Bisky wird fehlen, obwohl er zuletzt selbst immer öfter fehlte. Den Rückzug auf Raten hatte er selbst gewählt, 2010 nicht mehr für den Vorsitz der Linken kandidiert. Spöttisch sagte er in seiner Abschiedsrede: „Manche Entwicklungswidersprüche können wir mit quotierten Doppelspitzen doppelt gut bearbeiten.“ Nachfolger von ihm und Oskar Lafontaine wurden die Ost-Frau Gesine Lötzsch und der West-Mann Klaus Ernst. Bisky war gegangen, als es der Linkspartei noch richtig gut ging. Zunächst noch blieb er noch eine Weile Fraktionschef der Linken im Europaparlament. Im März vergangenen Jahres verzichtete er auch auf dieses Amt, war fortan nur noch einfacher Abgeordneter im Straßburger Parlament, Mitglied des Kulturausschusses. Er sagte damals: „Ich selbst bin mit meinen 70 Jahren in einem Lebensalter, in dem ich nicht mehr die Zukunft verkörpere.“ Auch damals gab er gesundheitliche Gründe an.

Die Wende hatte Bisky in die Politik gespült, erst Abgeordneter im brandenburgischen Landtag. Dann war er, nach Gysi, der zweite Chef der PDS. 1993 hatte der frühere Rektor der Potsdamer Filmhochschule das Amt zum ersten Mal übernommen, den Kampf geführt unter anderem gegen die Kommunisten in der Partei, darunter die heutige Vizevorsitzende Sahra Wagenknecht. Der Streit unter Genossen setze ihm immer mehr zu, 1999 schmiss er hin, die „finale Mülltonne“ sei voll, so erklärte er. Aber er ließ sich wieder anstecken. 2003 übernahm er den Vorsitz erneut, obwohl bei ihm die Gier zur Macht stets viel weniger ausgeprägt war als bei anderen Politikern. Als Integrator steuerte er von 2005 an die Fusionsverhandlungen zwischen PDS und der WASG. Dass dieses Bündnis, das formell zwei Jahre später geschmiedet wurde, gelang, ist maßgeblich sein Verdienst. Von 2007 an führte Bisky die neue Linkspartei gemeinsam mit dem ehemaligen SPD-Chef Oskar Lafontaine, drei Jahre lang. Bisky las die Parteitagsreden vom Blatt ab, Lafontaine war der wortgewaltige Rhetoriker. Beide hatten Anteil an dem wohl größten Erfolg: 11,9 Prozent für die Linke bei der Bundestagswahl 2009. Nicht nur einmal verteidigte Bisky den prominenten Genossen Lafontaine gegen „Dreckschleuderei“. Sein Verhältnis zu Lafontaine – und auch zu Gysi – zerbrach, als der Saarländer die Absetzung des langjährigen Bundesgeschäftsführers Dietmar Bartsch durchsetzte.

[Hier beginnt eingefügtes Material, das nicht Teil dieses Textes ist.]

Lemma dvdp_comp_modp_lin_assoc p : (f %| p \Po (l %% f)) = root (map_poly iota p) beta.
Proof.
rewrite (irredp_root_dvdpE _ f_mi.1 f_alpha) map_comp_poly root_comp.
by rewrite horner_map_modp // horner_lin_assoc.
Qed.

Lemma psi_root : root (map_poly iota psi) beta.
Proof. by rewrite -dvdp_comp_modp_lin_assoc. Qed.

Lemma psi_dvdp p : root (map_poly iota p) beta -> psi %| p.
Proof.
move=> p_beta; apply/modp_eq0P/eqP; apply: contraT => rem_neq0.
have := psi_min rem_neq0; rewrite dvdp_comp_modp_lin_assoc rootE horner_map_modp ?psi_root //.
by rewrite -rootE => /(_ p_beta); rewrite leqNgt ltn_modp monic_neq0.
Qed.

Lemma psi_irr : irreducible_poly psi.
Proof.
have psi_neq0 : psi != 0 := monic_neq0 psi_monic.
split=> [|r r_neq1 r_dvd].
  rewrite ltnNge; apply/negP => /size1_polyC psi_C; move: psi_root.
  by rewrite psi_C map_polyC rootC fmorph_eq0 -polyC_eq0 -psi_C (negbTE psi_neq0).
have psiE := divpK r_dvd.
have r_neq0 : r != 0.
  by apply: contraNneq psi_neq0 => r0; move: r_dvd; rewrite r0 dvd0p => /eqP ->.
have quo_neq0 : psi %/ r != 0 by apply: contraNneq psi_neq0 => q0; rewrite -psiE q0 mul0r.
have /orP [quo_root | r_root] :
    root (map_poly iota (psi %/ r)) beta || root (map_poly iota r) beta.
  by rewrite -rootM -rmorphM psiE psi_root.
  have := dvdp_leq quo_neq0 (psi_dvdp quo_root); rewrite -{1}psiE size_mul //.
  have r_gt0 : (0 < size r)%N by rewrite size_poly_gt0.
  rewrite -(prednK r_gt0) addnS /= -{2}[size (psi %/ r)]addn0 leq_add2l leqn0 => /eqP r1.
  by move: r_neq1; rewrite -(prednK r_gt0) r1.
by apply/andP; split; last exact: psi_dvdp r_root.
Qed.

Let psi_mi : monic_irreducible_poly psi := (psi_irr, psi_monic).

Lemma psi_dvdp_f_comp : psi %| f \Po lin_assoc u.
Proof. by apply: psi_dvdp; rewrite root_comp_lin_assoc lin_eval_cK ?alpha_exprq. Qed.

Lemma psi_root_f_root (K' : fieldType) (iota' : {rmorphism F -> K'}) y :
  root (map_poly iota' psi) y -> root (map_poly iota' f) (lin_eval iota' u y).
Proof.
by move=> psi_y; rewrite -root_comp_lin_assoc (root_dvdp _ psi_y) // dvdp_map psi_dvdp_f_comp.
Qed.

Lemma size_psi : size psi = n.+1.
Proof.
have beta_fix : beta ^+ (q ^ n) = beta by rewrite lin_eval_exprq alpha_exprq.
have deg_dvd_n := root_irredp_deg_dvdn psi_mi psi_root beta_fix.
have [K' [iota' [rho [psi_rho rho_fix]]]] := irredp_root_ext psi_mi.
have f_root := psi_root_f_root psi_rho.
have f_root_fix : lin_eval iota' u rho ^+ (q ^ (size psi).-1) = lin_eval iota' u rho.
  by rewrite lin_eval_exprq rho_fix.
have := root_irredp_deg_dvdn f_mi f_root f_root_fix; rewrite size_f => n_dvd_deg.
have deg_psi : (size psi).-1 = n.
  by apply/eqP; rewrite eqn_dvd deg_dvd_n n_dvd_deg.
by rewrite -deg_psi prednK // size_poly_gt0 monic_neq0.
Qed.

Lemma f_dvdp_psi_comp : f %| psi \Po l.
Proof. by rewrite dvdp_comp_lin_assoc psi_root. Qed.

Lemma sqr_f_ndvdp_psi_comp : ~~ (f * f %| psi \Po l).
Proof.
apply/negP => ff_dvd.
have psi_dvd : psi %| 'X^(q ^ n) - 'X by have := irredp_dvdp_Xq_subX psi_mi; rewrite size_psi.
have c0_neq0 : (- c`_0)%:P != 0 by rewrite polyC_eq0 oppr_eq0 primitive_coef0_neq0.
have := dvdp_sqr_deriv (dvdp_trans ff_dvd (dvdp_comp_poly l psi_dvd)).
rewrite deriv_comp derivB deriv_Xqn // derivX sub0r deriv_lin_assoc.
rewrite -polyC1 -polyCN comp_polyC -polyCM mulN1r.
move/(dvdp_leq c0_neq0); rewrite size_polyC -polyC_eq0 c0_neq0 size_f ltnS.
by rewrite leqNgt n_gt0.
Qed.

Section IrreducibleFactor.
Variables (K' : fieldType) (iota' : {rmorphism F -> K'}) (g : K') (d : nat).
Hypotheses (psi_g : root (map_poly iota' psi) (lin_eval iota' c g))
  (g_fix : g ^+ (q ^ d) = g).
(* For all $s\in\mathbb Z_+$ and $\gamma\in[0,1]$, \[ \Big\|\mathrm{diag}\big(Q\,\mathrm{diag}(Q^s)J\big)-\frac{\mathrm{tr}(Q^s)}{N^2}I\Big\|\le\Big\|\frac1N\mathrm{diag}(Q^s)-\frac{\mathrm{tr}(Q^s)}{N^2}I\Big\|\le\min\left\{\frac{4\min_{x\in E}[N-\#\mathcal R^\gamma_Q(x,s)]}{N}+\gamma,\ \frac{2\,\mathrm{tr}(|Q|^s;Q<1)}{N}\right\}. \]
   Context: $E$ is a finite set with $N=\#E>8$ elements, listed in a fixed order; $Q$ is an irreducible stochastic matrix on $E$ with $Q(x,y)=Q(y,x)$ for all $x,y$ and $\mathrm{tr}(Q)=0$. $I$ is the identity, $J$ the matrix with all entries $1/N$, $\mathrm{diag}(C)$ the diagonal matrix with the same diagonal as $C$. $\|C\|=\sum_{x,y\in E}|C(x,y)|$. $\mathcal R^\gamma_Q(x,s)=\{y\in E:|Q^s(x,x)-Q^s(y,y)|\le\gamma\}$. For a function $f$ on $[-1,1]$ and $A\subseteq\mathbb R$, $\mathrm{tr}(f(Q);Q\in A)=\mathrm{tr}(f(Q)\mathbf 1_A(Q))=\sum_{q\in A}f(q)$ over eigenvalues $q$ of $Q$ with multiplicity; in particular $\mathrm{tr}(|Q|^s;Q<1)=\sum_{q<1}|q|^s$. *)

(* Reals are modelled by an arbitrary real closed field R. *)
From HB Require Import structures.
From mathcomp Require Import all_boot all_order all_algebra.
From Stdlib Require Import ClassicalEpsilon.
Set Implicit Arguments. Unset Strict Implicit. Unset Printing Implicit Defensive.
Import Order.TTheory GRing.Theory Num.Theory.
Local Open Scope ring_scope.

(* E = 'I_N (fixed order); matrices on E are 'M[R]_N. *)

Definition stochastic (R : rcfType) (N : nat) (Q : 'M[R]_N) : Prop :=
  (forall x y, 0 <= Q x y) /\ (forall x, \sum_y Q x y = 1).

Definition irreducible_mx (R : rcfType) (N : nat) (Q : 'M[R]_N) : Prop :=
  forall x y, exists n : nat, 0 < (Q ^+ n) x y.

Definition Jmx (R : rcfType) (N : nat) : 'M[R]_N := const_mx (N%:R^-1).

Definition diagm (R : rcfType) (N : nat) (C : 'M[R]_N) : 'M[R]_N :=
  \matrix_(i, j) ((i == j)%:R * C i i).

Definition mnorm (R : rcfType) (N : nat) (C : 'M[R]_N) : R :=
  \sum_x \sum_y `|C x y|.

Definition Rset (R : rcfType) (N : nat) (Q : 'M[R]_N) (gamma : R) (x : 'I_N) (s : nat)
  : {set 'I_N} :=
  [set y | `|(Q ^+ s) x x - (Q ^+ s) y y| <= gamma].

(* eigenvalues with multiplicity: the roots (with multiplicity) of the
   characteristic polynomial, chosen so that char_poly A = prod (X - q)
   (this factorization exists for real symmetric matrices). *)
Definition eigseq (R : rcfType) (N : nat) (A : 'M[R]_N) : seq R :=
  epsilon (inhabits [::])
    (fun r : seq R => char_poly A = \prod_(z <- r) ('X - z%:P)).

Definition spec_tr (R : rcfType) (N : nat) (A : 'M[R]_N) (f : R -> R) (P : pred R) : R :=
  \sum_(q <- eigseq A | P q) f q.

(* Write [a x = Q^s(x,x)]; the middle quantity is [sum_x |N a x - tr Q^s| / N^2].
   Multiplying by the doubly stochastic [Q] averages a vector and cannot increase
   its l1-norm, which gives the first inequality.  For the second one, the
   deviation [sum_x |N a x - sum_y a y|] is at most [sum_(x,y) |a x - a y|]: the
   pairs inside a cluster [R^gamma_Q(x,s)] lie in an interval of length [2 gamma]
   and contribute at most [N^2 gamma], the other pairs at most [1] each.  For the
   third one, a spectral decomposition writes [a x = sum_i W_i(x) r_i^s] with
   [W_i(x) = |phi_i(x)|^2] for an orthonormal eigenbasis [phi]; all [r_i <= 1], and
   by irreducibility the eigenfunctions for [r_i = 1] are constant, so their
   weights are uniform and cancel, leaving at most [2 N sum_(r_i < 1) |r_i|^s]. *)

From HB Require Import structures.
From mathcomp Require Import all_boot all_order all_algebra.
From mathcomp Require Import lra ring.
From mathcomp Require Import complex.
From Stdlib Require Import ClassicalEpsilon.
Set Implicit Arguments. Unset Strict Implicit. Unset Printing Implicit Defensive.
Import Order.TTheory GRing.Theory Num.Theory.
Local Open Scope ring_scope.

Section PairwiseDistances.
Variables (R : realFieldType) (T : finType).
Implicit Types (a : T -> R) (A : {set T}).

Lemma sum_dev_le_sum_dist a :
  \sum_x `|#|T|%:R * a x - \sum_y a y| <= \sum_x \sum_y `|a x - a y|.
Proof.
apply: ler_sum => x _.
rewrite (_ : _ - _ = \sum_y (a x - a y)); first exact: ler_norm_sum.
by rewrite sumrB sumr_const mulr_natl.
Qed.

Zwei Tiefpunkte in seinem Leben, nur beispielhaft: 2008 starb sein Sohn Stephan, nur 23 Jahre alt. 2005 scheiterte seine Bewerbung um das Amt des Vizepräsidenten im Bundestag. Zum Trost schaute sich der Politiker anschließend Filme von Stanley Kubrick an. „Man schwebt. Man merkt, wie wenig man eigentlich ist“, sagte er damals.